------ RECORDS PROVIDED

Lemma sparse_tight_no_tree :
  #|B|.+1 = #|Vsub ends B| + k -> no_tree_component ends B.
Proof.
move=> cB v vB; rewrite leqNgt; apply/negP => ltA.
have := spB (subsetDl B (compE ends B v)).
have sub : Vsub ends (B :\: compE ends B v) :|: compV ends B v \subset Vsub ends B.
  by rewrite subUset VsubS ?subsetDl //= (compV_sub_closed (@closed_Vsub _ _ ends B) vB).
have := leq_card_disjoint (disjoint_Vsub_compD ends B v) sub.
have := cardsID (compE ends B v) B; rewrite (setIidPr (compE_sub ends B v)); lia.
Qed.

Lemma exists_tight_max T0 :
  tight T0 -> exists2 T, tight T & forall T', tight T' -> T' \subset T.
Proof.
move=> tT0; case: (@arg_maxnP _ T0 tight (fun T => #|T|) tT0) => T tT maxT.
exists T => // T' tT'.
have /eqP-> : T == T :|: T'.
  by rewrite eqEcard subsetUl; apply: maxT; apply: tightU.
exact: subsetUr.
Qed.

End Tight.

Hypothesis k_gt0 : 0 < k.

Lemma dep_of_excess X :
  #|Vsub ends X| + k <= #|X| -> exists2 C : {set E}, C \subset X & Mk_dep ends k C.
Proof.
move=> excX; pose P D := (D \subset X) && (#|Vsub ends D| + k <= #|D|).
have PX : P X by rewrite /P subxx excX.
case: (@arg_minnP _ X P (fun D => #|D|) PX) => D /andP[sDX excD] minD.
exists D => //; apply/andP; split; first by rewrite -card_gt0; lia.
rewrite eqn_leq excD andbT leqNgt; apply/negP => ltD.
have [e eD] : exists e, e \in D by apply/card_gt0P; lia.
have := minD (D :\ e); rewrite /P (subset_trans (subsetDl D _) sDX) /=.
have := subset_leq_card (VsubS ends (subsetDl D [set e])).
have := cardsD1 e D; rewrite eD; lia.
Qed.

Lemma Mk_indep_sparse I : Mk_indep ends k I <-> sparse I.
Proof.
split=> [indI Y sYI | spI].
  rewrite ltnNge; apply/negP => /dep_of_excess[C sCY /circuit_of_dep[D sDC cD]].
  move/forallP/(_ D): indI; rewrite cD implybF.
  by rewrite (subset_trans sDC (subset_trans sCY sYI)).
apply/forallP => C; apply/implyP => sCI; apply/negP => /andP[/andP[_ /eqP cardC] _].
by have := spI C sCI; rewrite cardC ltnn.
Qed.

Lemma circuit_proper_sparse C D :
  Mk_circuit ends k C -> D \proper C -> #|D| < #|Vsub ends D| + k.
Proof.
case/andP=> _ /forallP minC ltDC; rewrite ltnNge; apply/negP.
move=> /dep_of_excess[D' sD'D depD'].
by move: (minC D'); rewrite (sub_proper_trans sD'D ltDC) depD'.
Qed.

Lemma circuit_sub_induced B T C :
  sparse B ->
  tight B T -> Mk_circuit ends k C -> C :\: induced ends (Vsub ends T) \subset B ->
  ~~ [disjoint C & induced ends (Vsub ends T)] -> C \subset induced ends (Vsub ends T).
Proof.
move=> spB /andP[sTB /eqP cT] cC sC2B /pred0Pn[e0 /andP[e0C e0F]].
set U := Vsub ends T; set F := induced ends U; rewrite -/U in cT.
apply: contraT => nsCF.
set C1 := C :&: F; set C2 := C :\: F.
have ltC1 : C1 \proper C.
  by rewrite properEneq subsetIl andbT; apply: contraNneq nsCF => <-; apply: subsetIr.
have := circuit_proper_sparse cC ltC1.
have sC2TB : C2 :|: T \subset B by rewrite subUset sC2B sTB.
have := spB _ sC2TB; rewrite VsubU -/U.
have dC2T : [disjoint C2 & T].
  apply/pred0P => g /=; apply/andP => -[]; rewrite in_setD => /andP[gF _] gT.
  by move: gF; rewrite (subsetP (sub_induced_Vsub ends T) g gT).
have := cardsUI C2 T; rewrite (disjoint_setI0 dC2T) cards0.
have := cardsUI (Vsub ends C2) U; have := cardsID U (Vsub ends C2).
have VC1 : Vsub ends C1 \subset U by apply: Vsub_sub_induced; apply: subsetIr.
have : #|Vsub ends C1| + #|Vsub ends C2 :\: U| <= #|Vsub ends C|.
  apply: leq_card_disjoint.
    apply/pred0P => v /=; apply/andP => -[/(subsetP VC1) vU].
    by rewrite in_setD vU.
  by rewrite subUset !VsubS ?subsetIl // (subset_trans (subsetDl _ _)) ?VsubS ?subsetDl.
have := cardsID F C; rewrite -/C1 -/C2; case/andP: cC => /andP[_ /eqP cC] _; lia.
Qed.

------------
------ RECORDS PROVIDED

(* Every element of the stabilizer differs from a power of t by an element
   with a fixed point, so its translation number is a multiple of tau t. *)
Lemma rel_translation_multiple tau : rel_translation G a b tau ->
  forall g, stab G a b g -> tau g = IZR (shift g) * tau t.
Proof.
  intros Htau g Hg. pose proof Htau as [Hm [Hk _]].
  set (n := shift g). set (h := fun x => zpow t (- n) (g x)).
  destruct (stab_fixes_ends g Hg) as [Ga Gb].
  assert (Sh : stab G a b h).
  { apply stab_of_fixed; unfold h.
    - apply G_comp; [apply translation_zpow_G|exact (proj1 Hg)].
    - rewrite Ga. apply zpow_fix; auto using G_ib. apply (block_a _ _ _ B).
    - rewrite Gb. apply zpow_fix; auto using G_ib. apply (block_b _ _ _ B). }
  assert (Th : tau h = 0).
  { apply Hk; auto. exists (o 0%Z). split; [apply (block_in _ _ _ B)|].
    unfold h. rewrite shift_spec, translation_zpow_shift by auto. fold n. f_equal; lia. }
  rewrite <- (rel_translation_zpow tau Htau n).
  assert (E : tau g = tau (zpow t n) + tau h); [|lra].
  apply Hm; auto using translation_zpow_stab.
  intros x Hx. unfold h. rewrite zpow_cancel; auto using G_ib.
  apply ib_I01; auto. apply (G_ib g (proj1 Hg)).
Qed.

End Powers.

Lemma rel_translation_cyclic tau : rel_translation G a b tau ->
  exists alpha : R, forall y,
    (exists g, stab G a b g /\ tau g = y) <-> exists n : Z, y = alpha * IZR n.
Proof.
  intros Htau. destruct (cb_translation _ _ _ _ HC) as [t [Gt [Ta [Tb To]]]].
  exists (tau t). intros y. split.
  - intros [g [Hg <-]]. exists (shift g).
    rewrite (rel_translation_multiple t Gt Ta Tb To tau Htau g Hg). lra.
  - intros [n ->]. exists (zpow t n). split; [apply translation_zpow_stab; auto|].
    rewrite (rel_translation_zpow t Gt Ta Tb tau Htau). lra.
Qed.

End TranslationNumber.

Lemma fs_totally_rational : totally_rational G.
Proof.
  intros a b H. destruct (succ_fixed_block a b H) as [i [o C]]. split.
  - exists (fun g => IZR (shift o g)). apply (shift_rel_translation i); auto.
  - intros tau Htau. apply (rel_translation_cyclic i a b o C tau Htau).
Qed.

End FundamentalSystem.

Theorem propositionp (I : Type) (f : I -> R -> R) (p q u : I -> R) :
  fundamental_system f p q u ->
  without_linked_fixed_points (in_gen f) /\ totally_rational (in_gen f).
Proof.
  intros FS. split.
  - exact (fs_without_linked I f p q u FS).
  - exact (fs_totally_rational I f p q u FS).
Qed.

------------
------ RECORDS PROVIDED

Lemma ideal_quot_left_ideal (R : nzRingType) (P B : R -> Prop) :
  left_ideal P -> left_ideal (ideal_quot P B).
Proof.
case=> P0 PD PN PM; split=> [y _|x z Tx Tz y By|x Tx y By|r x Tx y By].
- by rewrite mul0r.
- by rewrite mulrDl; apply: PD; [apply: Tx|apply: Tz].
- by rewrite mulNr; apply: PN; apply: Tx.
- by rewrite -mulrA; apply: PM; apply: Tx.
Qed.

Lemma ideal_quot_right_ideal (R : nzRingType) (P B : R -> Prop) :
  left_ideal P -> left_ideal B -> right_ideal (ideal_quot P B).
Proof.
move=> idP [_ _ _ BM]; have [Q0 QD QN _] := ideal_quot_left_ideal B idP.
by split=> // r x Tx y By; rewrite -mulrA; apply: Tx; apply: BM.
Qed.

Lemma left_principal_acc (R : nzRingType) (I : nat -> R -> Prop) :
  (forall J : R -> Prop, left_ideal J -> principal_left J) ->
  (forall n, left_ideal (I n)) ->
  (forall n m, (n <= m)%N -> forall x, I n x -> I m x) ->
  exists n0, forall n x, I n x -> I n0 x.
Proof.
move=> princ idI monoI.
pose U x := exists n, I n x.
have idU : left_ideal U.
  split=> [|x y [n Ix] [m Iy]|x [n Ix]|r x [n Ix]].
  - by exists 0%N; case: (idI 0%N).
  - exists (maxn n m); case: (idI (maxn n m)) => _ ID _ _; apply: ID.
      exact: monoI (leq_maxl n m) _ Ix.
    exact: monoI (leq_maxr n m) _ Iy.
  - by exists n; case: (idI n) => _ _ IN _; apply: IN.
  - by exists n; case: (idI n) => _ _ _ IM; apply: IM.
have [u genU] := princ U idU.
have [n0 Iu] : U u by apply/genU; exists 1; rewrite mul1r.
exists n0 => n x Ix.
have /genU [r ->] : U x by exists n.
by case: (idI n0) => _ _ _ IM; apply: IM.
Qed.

------------

== WHAT TO WORK ON ==
Look above for the line with "End TranslationNumber." and the line with "fundamental_system f p q u ->", and reproduce exactly those two lines plus every line between, nothing more.

== EXPECTED OUTPUT ==
End TranslationNumber.

Lemma fs_totally_rational : totally_rational G.
Proof.
  intros a b H. destruct (succ_fixed_block a b H) as [i [o C]]. split.
  - exists (fun g => IZR (shift o g)). apply (shift_rel_translation i); auto.
  - intros tau Htau. apply (rel_translation_cyclic i a b o C tau Htau).
Qed.

End FundamentalSystem.

Theorem propositionp (I : Type) (f : I -> R -> R) (p q u : I -> R) :
  fundamental_system f p q u ->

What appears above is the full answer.